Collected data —
Lemma sumR_pow_filter_mul_le (T : eqType) (B : seq (seq T)) (lam : R) (K L : nat) :
  (0 <= lam)%R -> {in B, forall v, size v <= K} ->
  (sumR (fun v => lam ^ (L - size v)%N) [seq v <- B | (size v <= L)%N] * lam ^ K
     <= lam ^ L * sumR (fun v => lam ^ (K - size v)%N) B)%R.
Proof.
move=> lam_ge0; elim: B => [|v B IH] BK; first by rewrite /sumR /=; lra.
have vK := BK v (mem_head _ _).
have {IH} := IH (fun u uB => BK u (mem_behead (s := v :: B) uB)).
have pos : (0 <= lam ^ L * lam ^ (K - size v))%R by apply: Rmult_le_pos; apply: pow_le.
rewrite /sumR /=; case: ifP => vL /= IH; rewrite ?Rmult_plus_distr_r Rmult_plus_distr_l; last lra.
have -> : (lam ^ (L - size v)%N * lam ^ K = lam ^ L * lam ^ (K - size v)%N)%R.
  by rewrite -!pow_add; congr pow; lia.
lra.
Qed.

Section Concatenations.
Variables (T : eqType) (A : seq (seq T)).

(* One entry per factorization of a word of length L into at most f factors from A. *)
Fixpoint cat_words (f L : nat) : seq (seq T) :=
  if L == 0 then [:: [::]] else
  if f is f'.+1 then
    flatten [seq [seq v ++ w | w <- cat_words f' (L - size v)] | v <- A & size v <= L]
  else [::].

Lemma flatten_in_cat_words (s : seq (seq T)) f :
  {subset s <= A} -> size s <= f -> flatten s \in cat_words f (size (flatten s)).
Proof.
elim: s f => [|v s IH] f sA sf; first by case: f {sf}.
case: f sf => // f; rewrite ltnS => sf /=.
rewrite size_cat; case: eqP => [/eqP | _].
  by rewrite addn_eq0 => /andP [/nilP -> /nilP ->]; rewrite mem_seq1.
apply/flatten_mapP; exists v; first by rewrite mem_filter leq_addr sA ?mem_head.
apply: map_f; rewrite addKn; apply: IH => // u us; by apply: sA; rewrite inE us orbT.
Qed.
Definition bb65 : seq (seq nat) := [::
  [:: 0; 96; 138; 456]; [:: 19; 77; 154; 456]; [:: 38; 191; 309; 456]; [:: 76; 229; 290; 456];
  [:: 152; 286; 423; 456]; [:: 171; 343; 442; 456]; [:: 190; 267; 344; 456]; [:: 266; 381; 404; 456];
  [:: 0; 99; 153; 459]; [:: 19; 80; 160; 459]; [:: 38; 194; 324; 459]; [:: 76; 232; 305; 459];
  [:: 152; 289; 438; 459]; [:: 171; 346; 400; 459]; [:: 190; 270; 350; 459]; [:: 266; 384; 419; 459];
  [:: 0; 102; 168; 462]; [:: 19; 83; 166; 462]; [:: 38; 197; 339; 462]; [:: 76; 235; 320; 462];
  [:: 152; 292; 453; 462]; [:: 171; 349; 415; 462]; [:: 190; 273; 356; 462]; [:: 266; 387; 434; 462];
  [:: 0; 111; 156; 465]; [:: 19; 92; 127; 465]; [:: 38; 206; 327; 465]; [:: 76; 244; 308; 465];
  [:: 152; 301; 441; 465]; [:: 171; 358; 403; 465]; [:: 190; 282; 374; 465]; [:: 266; 396; 422; 465];
  [:: 0; 63; 144; 468]; [:: 19; 101; 145; 468]; [:: 38; 215; 315; 468]; [:: 76; 253; 296; 468];
  [:: 152; 310; 429; 468]; [:: 171; 367; 448; 468]; [:: 190; 234; 392; 468]; [:: 266; 348; 410; 468];
  [:: 0; 66; 159; 471]; [:: 19; 104; 151; 471]; [:: 38; 218; 330; 471]; [:: 76; 256; 311; 471];
  [:: 152; 313; 444; 471]; [:: 171; 370; 406; 471]; [:: 190; 237; 398; 471]; [:: 266; 351; 425; 471];
  [:: 0; 81; 120; 474]; [:: 19; 62; 124; 474]; [:: 38; 176; 291; 474]; [:: 76; 271; 329; 474];
  [:: 152; 328; 405; 474]; [:: 171; 385; 424; 474]; [:: 190; 252; 371; 474]; [:: 266; 366; 443; 474];
  [:: 0; 87; 150; 477]; [:: 19; 68; 136; 477]; [:: 38; 182; 321; 477]; [:: 76; 277; 302; 477];
  [:: 152; 334; 435; 477]; [:: 171; 391; 454; 477]; [:: 190; 258; 383; 477]; [:: 266; 372; 416; 477];
  [:: 0; 93; 123; 480]; [:: 19; 74; 148; 480]; [:: 38; 188; 294; 480]; [:: 76; 283; 332; 480];
  [:: 152; 340; 408; 480]; [:: 171; 397; 427; 480]; [:: 190; 264; 395; 480]; [:: 266; 378; 446; 480];
  [:: 57; 135; 177; 483]; [:: 76; 134; 211; 483]; [:: 95; 230; 384; 483]; [:: 133; 286; 347; 483];
  [:: 209; 343; 402; 483]; [:: 19; 267; 442; 483]; [:: 38; 268; 288; 483]; [:: 0; 305; 404; 483];
  [:: 57; 141; 195; 486]; [:: 76; 137; 217; 486]; [:: 95; 236; 396; 486]; [:: 133; 289; 362; 486];
  [:: 209; 346; 411; 486]; [:: 19; 270; 400; 486]; [:: 38; 274; 297; 486]; [:: 0; 308; 419; 486];
  [:: 57; 147; 213; 489]; [:: 76; 140; 223; 489]; [:: 95; 242; 351; 489]; [:: 133; 292; 377; 489];
  [:: 209; 349; 420; 489]; [:: 19; 273; 415; 489]; [:: 38; 280; 306; 489]; [:: 0; 311; 434; 489];
  [:: 57; 165; 210; 492]; [:: 76; 149; 184; 492]; [:: 95; 260; 387; 492]; [:: 133; 301; 365; 492];
  [:: 209; 358; 447; 492]; [:: 19; 282; 403; 492]; [:: 38; 241; 333; 492]; [:: 0; 320; 422; 492];
  [:: 57; 126; 207; 495]; [:: 76; 158; 202; 495]; [:: 95; 278; 366; 495]; [:: 133; 310; 353; 495];
  [:: 209; 367; 417; 495]; [:: 19; 234; 448; 495]; [:: 38; 259; 303; 495]; [:: 0; 329; 410; 495];
  [:: 57; 132; 225; 498]; [:: 76; 161; 208; 498]; [:: 95; 284; 378; 498]; [:: 133; 313; 368; 498];
  [:: 209; 370; 426; 498]; [:: 19; 237; 406; 498]; [:: 38; 265; 312; 498]; [:: 0; 332; 425; 498];
  [:: 57; 162; 201; 501]; [:: 76; 119; 181; 501]; [:: 95; 257; 381; 501]; [:: 133; 328; 386; 501];
  [:: 209; 385; 414; 501]; [:: 19; 252; 424; 501]; [:: 38; 238; 300; 501]; [:: 0; 290; 443; 501];
  [:: 57; 117; 180; 504]; [:: 76; 125; 193; 504]; [:: 95; 269; 348; 504]; [:: 133; 334; 359; 504];
  [:: 209; 391; 432; 504]; [:: 19; 258; 454; 504]; [:: 38; 250; 318; 504]; [:: 0; 296; 416; 504];
  [:: 57; 129; 216; 507]; [:: 76; 131; 205; 507]; [:: 95; 281; 372; 507]; [:: 133; 340; 389; 507];
  [:: 209; 397; 450; 507]; [:: 19; 264; 427; 507]; [:: 38; 262; 336; 507]; [:: 0; 302; 446; 507];
  [:: 114; 192; 234; 510]; [:: 133; 191; 250; 510]; [:: 0; 134; 326; 510]; [:: 38; 172; 385; 510];
  [:: 19; 248; 402; 510]; [:: 76; 324; 442; 510]; [:: 95; 325; 345; 510]; [:: 57; 362; 422; 510];
  [:: 114; 198; 252; 513]; [:: 133; 194; 259; 513]; [:: 0; 137; 335; 513]; [:: 38; 175; 343; 513];
  [:: 19; 251; 411; 513]; [:: 76; 327; 400; 513]; [:: 95; 331; 354; 513]; [:: 57; 365; 434; 513];
  [:: 114; 204; 270; 516]; [:: 133; 197; 268; 516]; [:: 0; 140; 287; 516]; [:: 38; 178; 358; 516];
  [:: 19; 254; 420; 516]; [:: 76; 330; 415; 516]; [:: 95; 337; 363; 516]; [:: 57; 368; 446; 516];
  [:: 114; 222; 267; 519]; [:: 133; 206; 238; 519]; [:: 0; 149; 314; 519]; [:: 38; 187; 346; 519];
  [:: 19; 263; 447; 519]; [:: 76; 339; 403; 519]; [:: 95; 298; 390; 519]; [:: 57; 377; 425; 519];
  [:: 114; 183; 264; 522]; [:: 133; 215; 265; 522]; [:: 0; 158; 341; 522]; [:: 38; 196; 391; 522];
  [:: 19; 272; 417; 522]; [:: 76; 291; 448; 522]; [:: 95; 316; 360; 522]; [:: 57; 386; 404; 522];
  [:: 114; 189; 282; 525]; [:: 133; 218; 274; 525]; [:: 0; 161; 293; 525]; [:: 38; 199; 349; 525];
  [:: 19; 275; 426; 525]; [:: 76; 294; 406; 525]; [:: 95; 322; 369; 525]; [:: 57; 389; 416; 525];
  [:: 114; 219; 258; 528]; [:: 133; 176; 262; 528]; [:: 0; 119; 338; 528]; [:: 38; 214; 367; 528];
  [:: 19; 233; 414; 528]; [:: 76; 309; 424; 528]; [:: 95; 295; 357; 528]; [:: 57; 347; 419; 528];
  [:: 114; 174; 237; 531]; [:: 133; 182; 280; 531]; [:: 0; 125; 299; 531]; [:: 38; 220; 397; 531];
  [:: 19; 239; 432; 531]; [:: 76; 315; 454; 531]; [:: 95; 307; 375; 531]; [:: 57; 353; 443; 531];
  [:: 114; 186; 273; 534]; [:: 133; 188; 241; 534]; [:: 0; 131; 317; 534]; [:: 38; 226; 370; 534];
  [:: 19; 245; 450; 534]; [:: 76; 321; 427; 534]; [:: 95; 319; 393; 534]; [:: 57; 359; 410; 534];
  [:: 171; 249; 291; 537]; [:: 190; 248; 307; 537]; [:: 57; 191; 383; 537]; [:: 19; 59; 253; 537];
  [:: 76; 287; 447; 537]; [:: 133; 381; 442; 537]; [:: 0; 116; 346; 537]; [:: 38; 153; 401; 537];
  [:: 171; 255; 309; 540]; [:: 190; 251; 316; 540]; [:: 57; 194; 392; 540]; [:: 19; 65; 271; 540];
  [:: 76; 293; 420; 540]; [:: 133; 384; 400; 540]; [:: 0; 122; 358; 540]; [:: 38; 156; 407; 540];
  [:: 171; 261; 327; 543]; [:: 190; 254; 325; 543]; [:: 57; 197; 344; 543]; [:: 19; 71; 232; 543];
  [:: 76; 299; 450; 543]; [:: 133; 387; 415; 543]; [:: 0; 128; 370; 543]; [:: 38; 159; 413; 543];
  [:: 171; 279; 324; 546]; [:: 190; 263; 295; 546]; [:: 57; 206; 371; 546]; [:: 19; 89; 229; 546];
  [:: 76; 317; 426; 546]; [:: 133; 396; 403; 546]; [:: 0; 146; 349; 546]; [:: 38; 168; 431; 546];
  [:: 171; 240; 321; 549]; [:: 190; 272; 322; 549]; [:: 57; 215; 398; 549]; [:: 19; 107; 283; 549];
  [:: 76; 335; 402; 549]; [:: 133; 348; 448; 549]; [:: 0; 164; 385; 549]; [:: 38; 120; 449; 549];
  [:: 171; 246; 339; 552]; [:: 190; 275; 331; 552]; [:: 57; 218; 350; 552]; [:: 19; 113; 244; 552];
  [:: 76; 341; 432; 552]; [:: 133; 351; 406; 552]; [:: 0; 170; 397; 552]; [:: 38; 123; 455; 552];
  [:: 171; 276; 315; 555]; [:: 190; 233; 319; 555]; [:: 57; 176; 395; 555]; [:: 19; 86; 277; 555];
  [:: 76; 314; 411; 555]; [:: 133; 366; 424; 555]; [:: 0; 143; 343; 555]; [:: 38; 138; 428; 555];
  [:: 171; 231; 294; 558]; [:: 190; 239; 337; 558]; [:: 57; 182; 356; 558]; [:: 19; 98; 256; 558];
  [:: 76; 326; 414; 558]; [:: 133; 372; 454; 558]; [:: 0; 155; 367; 558]; [:: 38; 144; 440; 558];
  [:: 171; 243; 330; 561]; [:: 190; 245; 298; 561]; [:: 57; 188; 374; 561]; [:: 19; 110; 235; 561];
  [:: 76; 338; 417; 561]; [:: 133; 378; 427; 561]; [:: 0; 167; 391; 561]; [:: 38; 150; 452; 561];
  [:: 228; 306; 348; 564]; [:: 247; 287; 352; 564]; [:: 38; 135; 269; 564]; [:: 76; 116; 289; 564];
  [:: 133; 344; 447; 564]; [:: 0; 172; 442; 564]; [:: 19; 96; 212; 564]; [:: 95; 210; 401; 564];
  [:: 228; 312; 366; 567]; [:: 247; 293; 382; 567]; [:: 38; 141; 278; 567]; [:: 76; 122; 301; 567];
  [:: 133; 350; 420; 567]; [:: 0; 175; 400; 567]; [:: 19; 99; 221; 567]; [:: 95; 213; 407; 567];
  [:: 228; 318; 384; 570]; [:: 247; 299; 355; 570]; [:: 38; 147; 230; 570]; [:: 76; 128; 313; 570];
  [:: 133; 356; 450; 570]; [:: 0; 178; 415; 570]; [:: 19; 102; 173; 570]; [:: 95; 216; 413; 570];
  [:: 228; 336; 381; 573]; [:: 247; 317; 388; 573]; [:: 38; 165; 257; 573]; [:: 76; 146; 292; 573];
  [:: 133; 374; 426; 573]; [:: 0; 187; 403; 573]; [:: 19; 111; 200; 573]; [:: 95; 225; 431; 573];
  [:: 228; 297; 378; 576]; [:: 247; 335; 364; 576]; [:: 38; 126; 284; 576]; [:: 76; 164; 328; 576];
  [:: 133; 392; 402; 576]; [:: 0; 196; 448; 576]; [:: 19; 63; 227; 576]; [:: 95; 177; 449; 576];
  [:: 228; 303; 396; 579]; [:: 247; 341; 394; 579]; [:: 38; 132; 236; 579]; [:: 76; 170; 340; 579];
  [:: 133; 398; 432; 579]; [:: 0; 199; 406; 579]; [:: 19; 66; 179; 579]; [:: 95; 180; 455; 579];
  [:: 228; 333; 372; 582]; [:: 247; 314; 373; 582]; [:: 38; 162; 281; 582]; [:: 76; 143; 286; 582];
  [:: 133; 371; 411; 582]; [:: 0; 214; 424; 582]; [:: 19; 81; 224; 582]; [:: 95; 195; 428; 582];
  [:: 228; 288; 351; 585]; [:: 247; 326; 376; 585]; [:: 38; 117; 242; 585]; [:: 76; 155; 310; 585];
  [:: 133; 383; 414; 585]; [:: 0; 220; 454; 585]; [:: 19; 87; 185; 585]; [:: 95; 201; 440; 585];
  [:: 228; 300; 387; 588]; [:: 247; 338; 379; 588]; [:: 38; 129; 260; 588]; [:: 76; 167; 334; 588];
  [:: 133; 395; 417; 588]; [:: 0; 226; 427; 588]; [:: 19; 93; 203; 588]; [:: 95; 207; 452; 588];
  [:: 0; 324; 384; 591]; [:: 19; 325; 371; 591]; [:: 95; 192; 326; 591]; [:: 133; 173; 346; 591];
  [:: 38; 211; 447; 591]; [:: 57; 229; 403; 591]; [:: 76; 135; 257; 591]; [:: 152; 267; 401; 591];
  [:: 0; 327; 396; 594]; [:: 19; 331; 344; 594]; [:: 95; 198; 335; 594]; [:: 133; 179; 358; 594];
  [:: 38; 217; 420; 594]; [:: 57; 232; 415; 594]; [:: 76; 141; 230; 594]; [:: 152; 270; 407; 594];
  [:: 0; 330; 351; 597]; [:: 19; 337; 374; 597]; [:: 95; 204; 287; 597]; [:: 133; 185; 370; 597];
  [:: 38; 223; 450; 597]; [:: 57; 235; 427; 597]; [:: 76; 147; 260; 597]; [:: 152; 273; 413; 597];
  [:: 0; 339; 387; 600]; [:: 19; 298; 350; 600]; [:: 95; 222; 314; 600]; [:: 133; 203; 349; 600];
  [:: 38; 184; 426; 600]; [:: 57; 244; 406; 600]; [:: 76; 165; 236; 600]; [:: 152; 282; 431; 600];
  [:: 0; 291; 366; 603]; [:: 19; 316; 383; 603]; [:: 95; 183; 341; 603]; [:: 133; 221; 385; 603];
  [:: 38; 202; 402; 603]; [:: 57; 253; 442; 603]; [:: 76; 126; 269; 603]; [:: 152; 234; 449; 603];
  [:: 0; 294; 378; 606]; [:: 19; 322; 356; 606]; [:: 95; 189; 293; 606]; [:: 133; 227; 397; 606];
  [:: 38; 208; 432; 606]; [:: 57; 256; 454; 606]; [:: 76; 132; 242; 606]; [:: 152; 237; 455; 606];
  [:: 0; 309; 381; 609]; [:: 19; 295; 392; 609]; [:: 95; 219; 338; 609]; [:: 133; 200; 343; 609];
  [:: 38; 181; 411; 609]; [:: 57; 271; 400; 609]; [:: 76; 162; 278; 609]; [:: 152; 252; 428; 609];
  [:: 0; 315; 348; 612]; [:: 19; 307; 395; 612]; [:: 95; 174; 299; 612]; [:: 133; 212; 367; 612];
  [:: 38; 193; 414; 612]; [:: 57; 277; 424; 612]; [:: 76; 117; 281; 612]; [:: 152; 258; 440; 612];
  [:: 0; 321; 372; 615]; [:: 19; 319; 398; 615]; [:: 95; 186; 317; 615]; [:: 133; 224; 391; 615];
  [:: 38; 205; 417; 615]; [:: 57; 283; 448; 615]; [:: 76; 129; 284; 615]; [:: 152; 264; 452; 615];
  [:: 0; 78; 345; 618]; [:: 38; 97; 352; 618]; [:: 152; 249; 371; 618]; [:: 19; 211; 257; 618];
  [:: 95; 268; 447; 618]; [:: 114; 286; 421; 618]; [:: 133; 192; 314; 618]; [:: 209; 306; 428; 618];
  [:: 0; 84; 354; 621]; [:: 38; 103; 382; 621]; [:: 152; 255; 344; 621]; [:: 19; 217; 230; 621];
  [:: 95; 274; 420; 621]; [:: 114; 289; 430; 621]; [:: 133; 198; 287; 621]; [:: 209; 312; 401; 621];
  [:: 0; 90; 363; 624]; [:: 38; 109; 355; 624]; [:: 152; 261; 374; 624]; [:: 19; 223; 260; 624];
  [:: 95; 280; 450; 624]; [:: 114; 292; 439; 624]; [:: 133; 204; 317; 624]; [:: 209; 318; 431; 624];
  [:: 0; 108; 390; 627]; [:: 38; 70; 388; 627]; [:: 152; 279; 350; 627]; [:: 19; 184; 236; 627];
  [:: 95; 241; 426; 627]; [:: 114; 301; 409; 627]; [:: 133; 222; 293; 627]; [:: 209; 336; 407; 627];
  [:: 0; 69; 360; 630]; [:: 38; 88; 364; 630]; [:: 152; 240; 383; 630]; [:: 19; 202; 269; 630];
  [:: 95; 259; 402; 630]; [:: 114; 310; 436; 630]; [:: 133; 183; 326; 630]; [:: 209; 297; 440; 630];
  [:: 0; 75; 369; 633]; [:: 38; 94; 394; 633]; [:: 152; 246; 356; 633]; [:: 19; 208; 242; 633];
  [:: 95; 265; 432; 633]; [:: 114; 313; 445; 633]; [:: 133; 189; 299; 633]; [:: 209; 303; 413; 633];
  [:: 0; 105; 357; 636]; [:: 38; 67; 373; 636]; [:: 152; 276; 392; 636]; [:: 19; 181; 278; 636];
  [:: 95; 238; 411; 636]; [:: 114; 328; 433; 636]; [:: 133; 219; 335; 636]; [:: 209; 333; 449; 636];
  [:: 0; 60; 375; 639]; [:: 38; 79; 376; 639]; [:: 152; 231; 395; 639]; [:: 19; 193; 281; 639];
  [:: 95; 250; 414; 639]; [:: 114; 334; 451; 639]; [:: 133; 174; 338; 639]; [:: 209; 288; 452; 639];
  [:: 0; 72; 393; 642]; [:: 38; 91; 379; 642]; [:: 152; 243; 398; 642]; [:: 19; 205; 284; 642];
  [:: 95; 262; 417; 642]; [:: 114; 340; 412; 642]; [:: 133; 186; 341; 642]; [:: 209; 300; 455; 642];
  [:: 95; 152; 342; 645]; [:: 133; 361; 399; 645]; [:: 38; 76; 190; 645]; [:: 0; 57; 380; 645];
  [:: 19; 323; 437; 645]; [:: 209; 228; 304; 645]; [:: 247; 285; 418; 645]; [:: 114; 171; 266; 645];
  [:: 57; 209; 399; 648]; [:: 190; 342; 418; 648]; [:: 228; 380; 437; 648]; [:: 95; 171; 285; 648];
  [:: 76; 152; 266; 648]; [:: 0; 323; 361; 648]; [:: 19; 133; 304; 648]; [:: 38; 114; 247; 648];
  [:: 57; 152; 285; 437]; [:: 0; 76; 247; 437]; [:: 0; 152; 190; 399]; [:: 57; 266; 323; 342];
  [:: 0; 171; 228; 342]; [:: 114; 190; 323; 380]].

EXERCISE DIRECTIONS — From the records given above, copy all lines containing "have".

ANSWER TO THIS PROBLEM —
have vK := BK v (mem_head _ _).
have {IH} := IH (fun u uB => BK u (mem_behead (s := v :: B) uB)).
have pos : (0 <= lam ^ L * lam ^ (K - size v))%R by apply: Rmult_le_pos; apply: pow_le.
have -> : (lam ^ (L - size v)%N * lam ^ K = lam ^ L * lam ^ (K - size v)%N)%R.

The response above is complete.